Segment Start: Records for processing

Theorem lemma3p7 (m : nat) (F : finFieldType) (n : nat) (B : finType)
  (hq : #|F| = 2 ^ m) (hm : 2 <= m) (hn : 1 <= n)
  (sigma : {perm (B * ppoint F n)}) (sigmaB : {perm B})
  (h1 : forall (i : B) (x : ppoint F n), (sigma (i, x)).1 = sigmaB i)
  (h2 : forall i : B, exists2 A : 'M[F]_n.+1, A \in unitmx &
        forall x : ppoint F n, val (sigma (i, x)).2 = plin_img A (val x)) :
  odd_perm sigma = odd_perm sigmaB.
Proof.
have [g sigma_g] := fibered_permP h1.
have g_even i : odd_perm (g i) = false.
  have [A A_unit A_act] := h2 i.
  suff -> : g i = pperm A by exact: (psign_unit hq hm A_unit).
  apply/permP => x; apply: val_inj.
  by rewrite ppermE // -A_act sigma_g fibered_permE.
rewrite sigma_g odd_fibered_perm big1 ?addbF // odd_card_ppoint //.
by rewrite hq oddX gtn_eqF // ltnW.
Qed.
(* For the BDSSEP with parameters $0<\alpha\le\beta<1$ on $\Omega_N=\{0,1\}^{\{1,\dots,N-1\}}$, the mixing time satisfies $T^{\rm mix}_N\le \frac12 N^3$ for every $N\ge2$.
   Context: The BDSSEP is the continuous-time Markov chain on $\Omega_N$ with generator $$(L_Nf)(\eta)=\tfrac12\sum_{x=1}^{N-2}[f(\sigma^{x,x+1}\eta)-f(\eta)]+\tfrac12\{\alpha[1-\eta(1)]+(1-\alpha)\eta(1)\}[f(\sigma^1\eta)-f(\eta)]+\tfrac12\{\beta[1-\eta(N-1)]+(1-\beta)\eta(N-1)\}[f(\sigma^{N-1}\eta)-f(\eta)],$$ where $\sigma^{x,x+1}\eta$ exchanges $\eta(x),\eta(x+1)$ and $\sigma^x\eta$ flips $\eta(x)$; $\nu^N_{\alpha,\beta}$ is its stationary distribution. With $P_t(\eta,\xi)=\mathbb P_\eta[\eta(t)=\xi]$, $T^{\rm mix}_N=\inf\{t>0:\max_{\eta}\|P_t(\eta,\cdot)-\nu^N_{\alpha,\beta}\|_{\rm TV}\le1/4\}$. *)

From HB Require Import structures.
From mathcomp Require Import all_boot all_order all_algebra.
From mathcomp Require Import all_classical all_reals all_analysis.
Set Implicit Arguments. Unset Strict Implicit. Unset Printing Implicit Defensive.
Import Order.TTheory GRing.Theory Num.Theory.
Local Open Scope classical_set_scope.
Local Open Scope ring_scope.

(* Configurations: Omega_N = {0,1}^{1,...,N-1}; site x (1 <= x <= N-1) is the
   ordinal x-1 of 'I_(N.-1). *)
Definition config (N : nat) := {ffun 'I_N.-1 -> bool}.

Definition occ N (eta : config N) (x : nat) : bool :=
  match @insub _ (fun i => i < N.-1)%N _ x.-1 with
  | Some i => eta i | None => false end.

Definition swap N (eta : config N) (x : nat) : config N :=
  [ffun i : 'I_N.-1 => if (val i).+1 == x then occ eta x.+1
                      else if (val i).+1 == x.+1 then occ eta x else eta i].

Definition flip N (eta : config N) (x : nat) : config N :=
  [ffun i : 'I_N.-1 => if (val i).+1 == x then ~~ eta i else eta i].

Definition b2R (R : realType) (b : bool) : R := (b : nat)%:R.

Definition genL (R : realType) N (alpha beta : R) (f : config N -> R)
  (eta : config N) : R :=
  2^-1 * (\sum_(1 <= x < N.-1) (f (swap eta x) - f eta))
  + 2^-1 * (alpha * (1 - b2R R (occ eta 1)) + (1 - alpha) * b2R R (occ eta 1))
         * (f (flip eta 1) - f eta)
  + 2^-1 * (beta * (1 - b2R R (occ eta N.-1)) + (1 - beta) * b2R R (occ eta N.-1))
         * (f (flip eta N.-1) - f eta).

Definition indic (R : realType) N (xi : config N) : config N -> R :=
  fun eta => b2R R (eta == xi).

(* P_t(eta, xi) = (e^{t L_N} 1_xi)(eta) = sum_k t^k/k! (L_N^k 1_xi)(eta) *)
Definition Pt (R : realType) N (alpha beta : R) (t : R)
  (eta xi : config N) : R :=
  limn (fun n => \sum_(0 <= k < n)
     (t ^+ k / (k`!)%:R * iter k (genL alpha beta) (indic R xi) eta)).

Definition stationary (R : realType) N (alpha beta : R) (nu : config N -> R) :=
  [/\ forall xi, 0 <= nu xi, \sum_xi nu xi = 1 &
      forall f : config N -> R, \sum_eta nu eta * genL alpha beta f eta = 0].

Definition tv_dist (R : realType) N (mu nu : config N -> R) : R :=
  2^-1 * \sum_xi `|mu xi - nu xi|.

Definition max_tv (R : realType) N (alpha beta : R) (nu : config N -> R)
  (t : R) : R :=
  \big[Num.max/0]_(eta : config N) tv_dist (Pt alpha beta t eta) nu.

Definition Tmix_set (R : realType) N (alpha beta : R) (nu : config N -> R) :
  set R := [set t | 0 < t /\ max_tv alpha beta nu t <= 4^-1].

Definition Tmix (R : realType) N (alpha beta : R) (nu : config N -> R) : R :=
  inf (Tmix_set alpha beta nu).

From Pilot Require Import Defs.
From mathcomp Require Import all_boot all_order all_algebra.
From mathcomp Require Import all_classical all_reals all_analysis.
From mathcomp Require Import ring lra zify.
Import Order.TTheory GRing.Theory Num.Theory.
Import numFieldNormedType.Exports.
Local Open Scope classical_set_scope.
Local Open Scope ring_scope.

(* Run two copies of the BDSSEP under the basic coupling: bulk exchanges are
   performed simultaneously, and at a boundary site the copies flip together
   when they agree and independently otherwise.  The weighted discrepancy
   V = sum_s 1[eta(s) <> zeta(s)] s (N - s) satisfies L V <= -(4 / N^2) V,
   because s (N - s) vanishes at 0 and N, has discrete Laplacian -2 and is at
   most N^2 / 4.  Hence e^{tL} V <= e^{-4t/N^2} (N - 1) N^2 / 4, while V >= N - 1
   off the diagonal, so two copies are at total variation distance at most
   e^{-4t/N^2} N^2 / 4; averaging over a stationary start and taking t = N^3 / 2
   gives e^{-2N} N^2 / 4 <= 1 / 4.
   The semigroup is the exponential series of L.  To compare such series we
   write L = (L + N) - N: the operator L + N is positive, so e^{t(L + N)} is
   monotone, and e^{tL} = e^{-Nt} e^{t(L + N)} by a Cauchy product. *)

Section ExponentialSeries.
Variable R : realType.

Segment End: Records for processing

Among the records above, extract exactly the lines from the line with "beta t eta) nu." to the line with "From Pilot Require Import Defs.", both lines included, and leave out the rest.

  \big[Num.max/0]_(eta : config N) tv_dist (Pt alpha beta t eta) nu.

Definition Tmix_set (R : realType) N (alpha beta : R) (nu : config N -> R) :
  set R := [set t | 0 < t /\ max_tv alpha beta nu t <= 4^-1].

Definition Tmix (R : realType) N (alpha beta : R) (nu : config N -> R) : R :=
  inf (Tmix_set alpha beta nu).

From Pilot Require Import Defs.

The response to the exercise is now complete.